Exercise requirements: In the records that follow, find the line with "move=> hq0 hqq hw e1 e2."; from there, retype every line exactly through the line with "phi 0 b a w.", which also belongs to the answer.

*** Opening Records supplied ***

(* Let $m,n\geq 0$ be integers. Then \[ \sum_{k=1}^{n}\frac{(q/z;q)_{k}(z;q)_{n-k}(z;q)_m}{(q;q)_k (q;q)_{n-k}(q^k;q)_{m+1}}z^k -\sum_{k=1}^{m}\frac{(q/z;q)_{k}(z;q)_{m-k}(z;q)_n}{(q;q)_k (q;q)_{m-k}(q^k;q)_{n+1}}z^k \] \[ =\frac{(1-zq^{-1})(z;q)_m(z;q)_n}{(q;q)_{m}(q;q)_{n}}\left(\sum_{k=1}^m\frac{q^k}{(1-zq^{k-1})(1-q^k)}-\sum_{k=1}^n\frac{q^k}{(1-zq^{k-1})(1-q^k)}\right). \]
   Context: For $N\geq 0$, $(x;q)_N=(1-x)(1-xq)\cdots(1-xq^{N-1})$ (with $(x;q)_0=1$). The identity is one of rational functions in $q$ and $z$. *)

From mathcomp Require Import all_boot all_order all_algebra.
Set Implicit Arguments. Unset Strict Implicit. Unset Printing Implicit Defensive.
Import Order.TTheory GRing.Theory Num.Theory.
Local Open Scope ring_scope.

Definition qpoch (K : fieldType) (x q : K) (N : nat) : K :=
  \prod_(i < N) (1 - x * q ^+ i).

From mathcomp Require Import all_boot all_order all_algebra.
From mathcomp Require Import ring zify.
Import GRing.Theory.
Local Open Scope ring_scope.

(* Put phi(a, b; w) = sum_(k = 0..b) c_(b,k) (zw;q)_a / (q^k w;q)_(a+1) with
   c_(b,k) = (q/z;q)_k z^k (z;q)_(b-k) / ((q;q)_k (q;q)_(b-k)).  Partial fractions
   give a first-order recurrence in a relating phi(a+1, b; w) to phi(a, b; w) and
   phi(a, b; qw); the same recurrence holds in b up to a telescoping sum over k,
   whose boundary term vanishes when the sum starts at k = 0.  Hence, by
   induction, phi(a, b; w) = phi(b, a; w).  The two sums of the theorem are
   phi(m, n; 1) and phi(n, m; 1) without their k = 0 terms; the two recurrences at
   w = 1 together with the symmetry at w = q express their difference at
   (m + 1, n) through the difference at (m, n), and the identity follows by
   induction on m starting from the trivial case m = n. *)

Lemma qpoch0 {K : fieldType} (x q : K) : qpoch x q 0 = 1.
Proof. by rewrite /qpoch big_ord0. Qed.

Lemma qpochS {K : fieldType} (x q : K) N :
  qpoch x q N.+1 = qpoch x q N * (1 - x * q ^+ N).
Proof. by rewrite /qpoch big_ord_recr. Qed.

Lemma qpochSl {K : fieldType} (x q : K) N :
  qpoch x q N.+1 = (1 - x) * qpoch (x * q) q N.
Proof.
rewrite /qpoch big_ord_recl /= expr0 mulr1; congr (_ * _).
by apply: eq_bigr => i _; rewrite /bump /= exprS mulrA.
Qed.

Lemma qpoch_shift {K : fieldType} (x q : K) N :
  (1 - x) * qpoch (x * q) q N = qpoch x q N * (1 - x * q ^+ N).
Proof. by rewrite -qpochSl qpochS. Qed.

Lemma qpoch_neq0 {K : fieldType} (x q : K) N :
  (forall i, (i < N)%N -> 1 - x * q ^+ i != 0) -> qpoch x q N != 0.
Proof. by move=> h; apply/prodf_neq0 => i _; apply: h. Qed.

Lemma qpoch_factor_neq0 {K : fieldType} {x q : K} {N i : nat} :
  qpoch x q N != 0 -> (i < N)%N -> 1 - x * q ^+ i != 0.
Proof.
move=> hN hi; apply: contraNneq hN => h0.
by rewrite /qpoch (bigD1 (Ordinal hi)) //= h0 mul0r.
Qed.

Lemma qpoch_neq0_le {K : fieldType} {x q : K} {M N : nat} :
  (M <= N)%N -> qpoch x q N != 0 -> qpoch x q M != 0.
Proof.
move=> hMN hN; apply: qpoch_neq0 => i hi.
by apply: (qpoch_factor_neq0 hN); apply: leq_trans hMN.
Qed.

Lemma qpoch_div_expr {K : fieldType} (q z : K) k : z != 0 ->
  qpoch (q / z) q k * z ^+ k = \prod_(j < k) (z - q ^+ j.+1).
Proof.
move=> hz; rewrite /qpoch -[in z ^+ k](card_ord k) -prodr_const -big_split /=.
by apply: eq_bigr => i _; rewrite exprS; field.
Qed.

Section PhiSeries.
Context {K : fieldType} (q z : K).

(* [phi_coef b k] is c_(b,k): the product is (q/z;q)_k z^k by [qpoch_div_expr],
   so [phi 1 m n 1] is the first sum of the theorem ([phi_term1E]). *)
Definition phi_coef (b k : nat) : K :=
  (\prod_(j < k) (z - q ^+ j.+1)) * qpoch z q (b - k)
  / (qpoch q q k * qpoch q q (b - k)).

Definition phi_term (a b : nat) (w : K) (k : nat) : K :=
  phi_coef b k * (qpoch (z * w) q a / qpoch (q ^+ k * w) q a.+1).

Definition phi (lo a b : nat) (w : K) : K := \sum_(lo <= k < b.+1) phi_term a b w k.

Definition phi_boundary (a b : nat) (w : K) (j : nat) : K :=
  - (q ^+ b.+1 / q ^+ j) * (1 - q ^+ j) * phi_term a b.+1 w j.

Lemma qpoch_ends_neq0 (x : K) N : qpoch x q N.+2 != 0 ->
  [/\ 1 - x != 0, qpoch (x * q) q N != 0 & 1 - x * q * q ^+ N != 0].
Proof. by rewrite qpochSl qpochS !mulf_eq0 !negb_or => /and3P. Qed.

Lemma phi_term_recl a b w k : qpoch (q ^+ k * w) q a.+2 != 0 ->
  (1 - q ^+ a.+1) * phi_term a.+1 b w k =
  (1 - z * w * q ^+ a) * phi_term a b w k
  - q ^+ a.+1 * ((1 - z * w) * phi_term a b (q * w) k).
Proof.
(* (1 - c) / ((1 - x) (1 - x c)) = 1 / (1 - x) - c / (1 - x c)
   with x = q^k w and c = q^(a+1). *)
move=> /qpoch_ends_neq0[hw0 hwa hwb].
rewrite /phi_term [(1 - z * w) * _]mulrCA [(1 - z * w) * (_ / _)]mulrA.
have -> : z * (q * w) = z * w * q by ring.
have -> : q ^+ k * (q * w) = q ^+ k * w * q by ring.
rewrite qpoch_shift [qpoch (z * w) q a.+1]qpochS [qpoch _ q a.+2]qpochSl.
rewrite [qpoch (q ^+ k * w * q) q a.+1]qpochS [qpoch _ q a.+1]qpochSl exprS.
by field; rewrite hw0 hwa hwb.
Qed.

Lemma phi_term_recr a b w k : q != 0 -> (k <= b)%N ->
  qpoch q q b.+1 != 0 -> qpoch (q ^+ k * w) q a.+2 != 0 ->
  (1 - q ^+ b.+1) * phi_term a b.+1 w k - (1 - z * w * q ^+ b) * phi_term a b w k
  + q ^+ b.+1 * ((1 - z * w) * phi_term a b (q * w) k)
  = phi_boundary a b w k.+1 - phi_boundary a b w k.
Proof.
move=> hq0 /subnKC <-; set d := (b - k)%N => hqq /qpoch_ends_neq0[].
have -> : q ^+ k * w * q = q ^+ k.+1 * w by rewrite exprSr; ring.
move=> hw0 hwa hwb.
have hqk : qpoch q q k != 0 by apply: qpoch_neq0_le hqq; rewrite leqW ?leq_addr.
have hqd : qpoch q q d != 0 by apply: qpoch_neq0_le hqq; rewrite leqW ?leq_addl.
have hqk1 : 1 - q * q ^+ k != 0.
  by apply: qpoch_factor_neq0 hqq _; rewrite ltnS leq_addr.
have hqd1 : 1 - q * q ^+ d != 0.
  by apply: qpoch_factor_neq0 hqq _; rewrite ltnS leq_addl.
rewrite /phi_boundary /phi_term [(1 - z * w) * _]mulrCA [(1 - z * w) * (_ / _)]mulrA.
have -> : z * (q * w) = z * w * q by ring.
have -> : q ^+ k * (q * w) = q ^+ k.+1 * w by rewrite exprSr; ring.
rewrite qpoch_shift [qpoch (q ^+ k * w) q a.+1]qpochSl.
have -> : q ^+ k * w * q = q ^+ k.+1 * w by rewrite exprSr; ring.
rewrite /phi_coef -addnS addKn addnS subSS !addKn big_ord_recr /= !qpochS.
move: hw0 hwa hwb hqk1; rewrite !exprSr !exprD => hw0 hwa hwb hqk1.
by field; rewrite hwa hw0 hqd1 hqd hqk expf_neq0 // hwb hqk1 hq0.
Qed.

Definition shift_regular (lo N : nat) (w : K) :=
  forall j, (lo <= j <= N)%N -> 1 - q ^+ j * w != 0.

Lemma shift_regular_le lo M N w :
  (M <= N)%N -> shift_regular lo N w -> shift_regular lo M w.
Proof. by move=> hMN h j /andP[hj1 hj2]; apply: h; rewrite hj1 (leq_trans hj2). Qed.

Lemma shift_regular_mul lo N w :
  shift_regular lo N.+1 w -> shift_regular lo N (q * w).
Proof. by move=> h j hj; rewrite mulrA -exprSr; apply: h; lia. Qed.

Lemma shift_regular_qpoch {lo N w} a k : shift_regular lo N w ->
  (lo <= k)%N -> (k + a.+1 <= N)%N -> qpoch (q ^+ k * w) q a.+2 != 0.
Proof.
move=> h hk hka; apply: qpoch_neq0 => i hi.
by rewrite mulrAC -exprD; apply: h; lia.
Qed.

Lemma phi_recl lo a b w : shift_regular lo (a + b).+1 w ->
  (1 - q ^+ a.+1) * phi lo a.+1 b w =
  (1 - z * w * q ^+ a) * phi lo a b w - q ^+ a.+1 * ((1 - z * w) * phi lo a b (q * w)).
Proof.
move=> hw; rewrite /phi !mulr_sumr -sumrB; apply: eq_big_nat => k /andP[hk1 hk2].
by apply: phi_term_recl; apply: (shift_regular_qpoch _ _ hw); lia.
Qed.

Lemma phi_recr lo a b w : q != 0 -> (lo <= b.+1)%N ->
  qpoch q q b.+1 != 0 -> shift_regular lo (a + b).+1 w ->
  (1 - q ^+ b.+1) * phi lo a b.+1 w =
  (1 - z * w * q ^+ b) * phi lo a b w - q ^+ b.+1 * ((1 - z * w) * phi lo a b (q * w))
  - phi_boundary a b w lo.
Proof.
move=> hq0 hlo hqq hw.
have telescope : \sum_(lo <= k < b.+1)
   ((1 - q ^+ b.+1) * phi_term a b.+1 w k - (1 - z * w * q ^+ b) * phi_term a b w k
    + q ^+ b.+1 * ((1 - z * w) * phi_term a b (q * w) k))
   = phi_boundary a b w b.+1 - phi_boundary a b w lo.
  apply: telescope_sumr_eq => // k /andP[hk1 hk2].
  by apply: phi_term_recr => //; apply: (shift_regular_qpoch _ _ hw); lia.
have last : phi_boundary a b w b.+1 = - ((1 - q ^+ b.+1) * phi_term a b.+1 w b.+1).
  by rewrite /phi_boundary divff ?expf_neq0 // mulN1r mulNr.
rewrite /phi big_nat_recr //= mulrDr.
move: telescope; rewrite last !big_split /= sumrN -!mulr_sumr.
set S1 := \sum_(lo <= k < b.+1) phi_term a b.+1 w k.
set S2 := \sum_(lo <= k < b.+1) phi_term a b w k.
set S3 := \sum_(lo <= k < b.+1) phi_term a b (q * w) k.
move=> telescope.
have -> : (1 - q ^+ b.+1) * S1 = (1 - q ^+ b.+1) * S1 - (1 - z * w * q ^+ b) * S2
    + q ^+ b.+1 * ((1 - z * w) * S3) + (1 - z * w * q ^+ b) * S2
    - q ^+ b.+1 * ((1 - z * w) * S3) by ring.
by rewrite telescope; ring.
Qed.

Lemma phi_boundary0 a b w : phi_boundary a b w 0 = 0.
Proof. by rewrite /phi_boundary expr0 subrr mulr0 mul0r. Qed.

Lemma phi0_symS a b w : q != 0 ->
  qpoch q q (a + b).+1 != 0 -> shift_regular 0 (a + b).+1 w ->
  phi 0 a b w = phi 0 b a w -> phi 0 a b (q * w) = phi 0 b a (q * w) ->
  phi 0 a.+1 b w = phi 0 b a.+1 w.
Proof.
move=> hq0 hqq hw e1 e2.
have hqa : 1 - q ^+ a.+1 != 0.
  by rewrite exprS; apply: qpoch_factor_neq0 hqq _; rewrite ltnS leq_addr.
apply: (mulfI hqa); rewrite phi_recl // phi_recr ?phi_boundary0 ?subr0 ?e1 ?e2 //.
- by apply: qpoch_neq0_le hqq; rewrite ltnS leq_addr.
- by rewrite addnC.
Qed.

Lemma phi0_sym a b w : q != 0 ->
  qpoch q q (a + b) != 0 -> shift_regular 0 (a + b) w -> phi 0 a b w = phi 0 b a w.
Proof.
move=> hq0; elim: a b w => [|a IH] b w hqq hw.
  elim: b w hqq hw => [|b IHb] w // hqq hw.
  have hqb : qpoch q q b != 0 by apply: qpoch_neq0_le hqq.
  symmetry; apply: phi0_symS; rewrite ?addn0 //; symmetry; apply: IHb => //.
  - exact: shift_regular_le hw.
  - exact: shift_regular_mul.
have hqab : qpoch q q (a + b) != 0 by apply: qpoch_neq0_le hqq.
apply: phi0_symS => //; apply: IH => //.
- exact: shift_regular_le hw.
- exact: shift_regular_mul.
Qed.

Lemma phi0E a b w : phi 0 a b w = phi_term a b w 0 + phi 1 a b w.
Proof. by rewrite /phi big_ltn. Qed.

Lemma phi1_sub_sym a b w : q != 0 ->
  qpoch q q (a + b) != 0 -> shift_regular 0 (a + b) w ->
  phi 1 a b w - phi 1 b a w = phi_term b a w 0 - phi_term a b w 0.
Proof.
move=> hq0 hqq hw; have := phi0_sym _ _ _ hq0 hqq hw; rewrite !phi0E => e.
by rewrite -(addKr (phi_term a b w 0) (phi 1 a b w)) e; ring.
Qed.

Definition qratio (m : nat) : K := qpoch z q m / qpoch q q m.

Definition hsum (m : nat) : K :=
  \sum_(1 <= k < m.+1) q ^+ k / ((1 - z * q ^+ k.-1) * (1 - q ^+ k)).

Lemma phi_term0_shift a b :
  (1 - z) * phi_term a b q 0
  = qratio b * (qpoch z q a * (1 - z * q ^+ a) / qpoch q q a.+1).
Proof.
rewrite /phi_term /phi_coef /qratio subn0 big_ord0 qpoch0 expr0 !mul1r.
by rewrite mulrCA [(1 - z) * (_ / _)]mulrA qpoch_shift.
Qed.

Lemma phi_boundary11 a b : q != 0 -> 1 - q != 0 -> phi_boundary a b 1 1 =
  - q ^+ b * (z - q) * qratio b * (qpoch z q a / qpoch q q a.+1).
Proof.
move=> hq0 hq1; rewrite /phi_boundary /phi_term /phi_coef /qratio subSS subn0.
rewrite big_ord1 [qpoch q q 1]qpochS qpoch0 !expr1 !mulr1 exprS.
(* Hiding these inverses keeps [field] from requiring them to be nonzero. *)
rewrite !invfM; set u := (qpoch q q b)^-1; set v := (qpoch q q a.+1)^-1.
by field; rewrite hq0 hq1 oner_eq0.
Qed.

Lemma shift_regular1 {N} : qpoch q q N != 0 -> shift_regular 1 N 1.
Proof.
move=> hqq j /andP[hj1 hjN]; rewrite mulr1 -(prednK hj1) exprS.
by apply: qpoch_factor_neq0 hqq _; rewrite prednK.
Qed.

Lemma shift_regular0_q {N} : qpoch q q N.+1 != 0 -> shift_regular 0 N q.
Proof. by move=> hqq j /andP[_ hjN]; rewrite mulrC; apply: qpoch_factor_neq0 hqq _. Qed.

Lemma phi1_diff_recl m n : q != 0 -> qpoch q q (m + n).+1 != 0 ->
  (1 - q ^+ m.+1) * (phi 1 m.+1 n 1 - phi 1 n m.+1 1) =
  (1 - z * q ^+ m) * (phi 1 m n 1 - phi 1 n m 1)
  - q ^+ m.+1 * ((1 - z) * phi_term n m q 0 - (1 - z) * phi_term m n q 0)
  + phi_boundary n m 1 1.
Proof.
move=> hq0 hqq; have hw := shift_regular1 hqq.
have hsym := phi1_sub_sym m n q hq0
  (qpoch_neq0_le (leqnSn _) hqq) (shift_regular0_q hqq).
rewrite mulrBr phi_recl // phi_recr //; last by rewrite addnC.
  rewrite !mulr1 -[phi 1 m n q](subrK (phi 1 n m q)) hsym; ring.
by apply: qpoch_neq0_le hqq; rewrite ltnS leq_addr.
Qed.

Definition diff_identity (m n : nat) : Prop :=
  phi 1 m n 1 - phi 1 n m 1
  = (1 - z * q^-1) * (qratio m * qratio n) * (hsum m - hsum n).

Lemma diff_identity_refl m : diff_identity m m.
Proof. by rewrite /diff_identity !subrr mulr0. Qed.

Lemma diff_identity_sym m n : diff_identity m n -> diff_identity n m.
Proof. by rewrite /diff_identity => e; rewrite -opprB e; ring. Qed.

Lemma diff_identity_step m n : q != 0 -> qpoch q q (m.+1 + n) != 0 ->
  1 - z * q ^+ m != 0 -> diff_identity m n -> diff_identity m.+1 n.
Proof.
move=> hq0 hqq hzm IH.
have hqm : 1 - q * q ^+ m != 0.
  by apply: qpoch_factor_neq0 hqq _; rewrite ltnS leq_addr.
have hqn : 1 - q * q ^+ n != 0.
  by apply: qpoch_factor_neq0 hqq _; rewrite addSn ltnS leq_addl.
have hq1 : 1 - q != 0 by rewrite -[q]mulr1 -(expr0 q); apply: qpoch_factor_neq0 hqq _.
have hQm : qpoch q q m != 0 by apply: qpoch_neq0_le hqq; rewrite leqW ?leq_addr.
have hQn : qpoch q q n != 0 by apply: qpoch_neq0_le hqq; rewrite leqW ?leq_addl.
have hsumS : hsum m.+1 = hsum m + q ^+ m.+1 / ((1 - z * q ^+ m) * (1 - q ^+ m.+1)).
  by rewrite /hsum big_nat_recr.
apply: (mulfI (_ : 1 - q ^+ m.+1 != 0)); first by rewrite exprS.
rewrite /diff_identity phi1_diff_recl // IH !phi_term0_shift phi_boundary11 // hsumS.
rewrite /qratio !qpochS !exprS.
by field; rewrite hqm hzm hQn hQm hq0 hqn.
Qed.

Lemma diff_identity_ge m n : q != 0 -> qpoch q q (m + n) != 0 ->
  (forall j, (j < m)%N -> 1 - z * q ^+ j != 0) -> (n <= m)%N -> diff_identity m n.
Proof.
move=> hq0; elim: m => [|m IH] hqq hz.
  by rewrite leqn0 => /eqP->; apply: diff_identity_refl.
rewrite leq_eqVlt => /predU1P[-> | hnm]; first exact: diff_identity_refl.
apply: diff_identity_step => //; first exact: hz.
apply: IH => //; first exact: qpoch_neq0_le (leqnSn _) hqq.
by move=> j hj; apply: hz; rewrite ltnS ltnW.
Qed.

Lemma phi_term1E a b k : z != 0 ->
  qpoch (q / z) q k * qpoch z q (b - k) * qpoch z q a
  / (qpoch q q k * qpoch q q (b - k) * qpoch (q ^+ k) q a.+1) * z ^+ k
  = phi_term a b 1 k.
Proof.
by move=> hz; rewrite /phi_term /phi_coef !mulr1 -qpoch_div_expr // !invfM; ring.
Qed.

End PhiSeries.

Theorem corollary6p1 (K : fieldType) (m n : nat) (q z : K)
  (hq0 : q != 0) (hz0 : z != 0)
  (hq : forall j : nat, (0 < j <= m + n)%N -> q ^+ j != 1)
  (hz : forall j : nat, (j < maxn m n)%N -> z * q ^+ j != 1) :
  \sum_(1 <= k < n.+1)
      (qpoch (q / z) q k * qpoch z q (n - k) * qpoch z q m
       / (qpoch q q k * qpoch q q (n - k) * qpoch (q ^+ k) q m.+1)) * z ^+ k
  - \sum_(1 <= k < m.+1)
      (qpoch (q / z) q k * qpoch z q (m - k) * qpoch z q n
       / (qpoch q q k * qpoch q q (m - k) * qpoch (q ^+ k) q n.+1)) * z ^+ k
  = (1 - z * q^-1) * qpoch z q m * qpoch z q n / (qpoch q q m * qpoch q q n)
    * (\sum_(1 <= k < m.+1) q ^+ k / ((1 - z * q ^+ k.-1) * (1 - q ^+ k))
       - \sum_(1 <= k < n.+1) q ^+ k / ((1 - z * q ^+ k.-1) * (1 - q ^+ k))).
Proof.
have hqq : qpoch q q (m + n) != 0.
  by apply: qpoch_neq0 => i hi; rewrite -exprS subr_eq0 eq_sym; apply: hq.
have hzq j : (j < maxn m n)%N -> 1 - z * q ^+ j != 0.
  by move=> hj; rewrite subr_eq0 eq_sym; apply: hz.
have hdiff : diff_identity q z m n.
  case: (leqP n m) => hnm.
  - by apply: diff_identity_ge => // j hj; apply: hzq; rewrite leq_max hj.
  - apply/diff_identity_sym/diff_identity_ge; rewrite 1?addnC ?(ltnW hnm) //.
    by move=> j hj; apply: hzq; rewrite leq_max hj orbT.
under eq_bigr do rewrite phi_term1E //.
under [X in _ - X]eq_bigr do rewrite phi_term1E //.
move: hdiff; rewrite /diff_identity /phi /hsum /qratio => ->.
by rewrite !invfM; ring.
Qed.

*** Closing Records supplied ***

Answer to this task:
move=> hq0 hqq hw e1 e2.
have hqa : 1 - q ^+ a.+1 != 0.
  by rewrite exprS; apply: qpoch_factor_neq0 hqq _; rewrite ltnS leq_addr.
apply: (mulfI hqa); rewrite phi_recl // phi_recr ?phi_boundary0 ?subr0 ?e1 ?e2 //.
- by apply: qpoch_neq0_le hqq; rewrite ltnS leq_addr.
- by rewrite addnC.
Qed.

Lemma phi0_sym a b w : q != 0 ->
  qpoch q q (a + b) != 0 -> shift_regular 0 (a + b) w -> phi 0 a b w = phi 0 b a w.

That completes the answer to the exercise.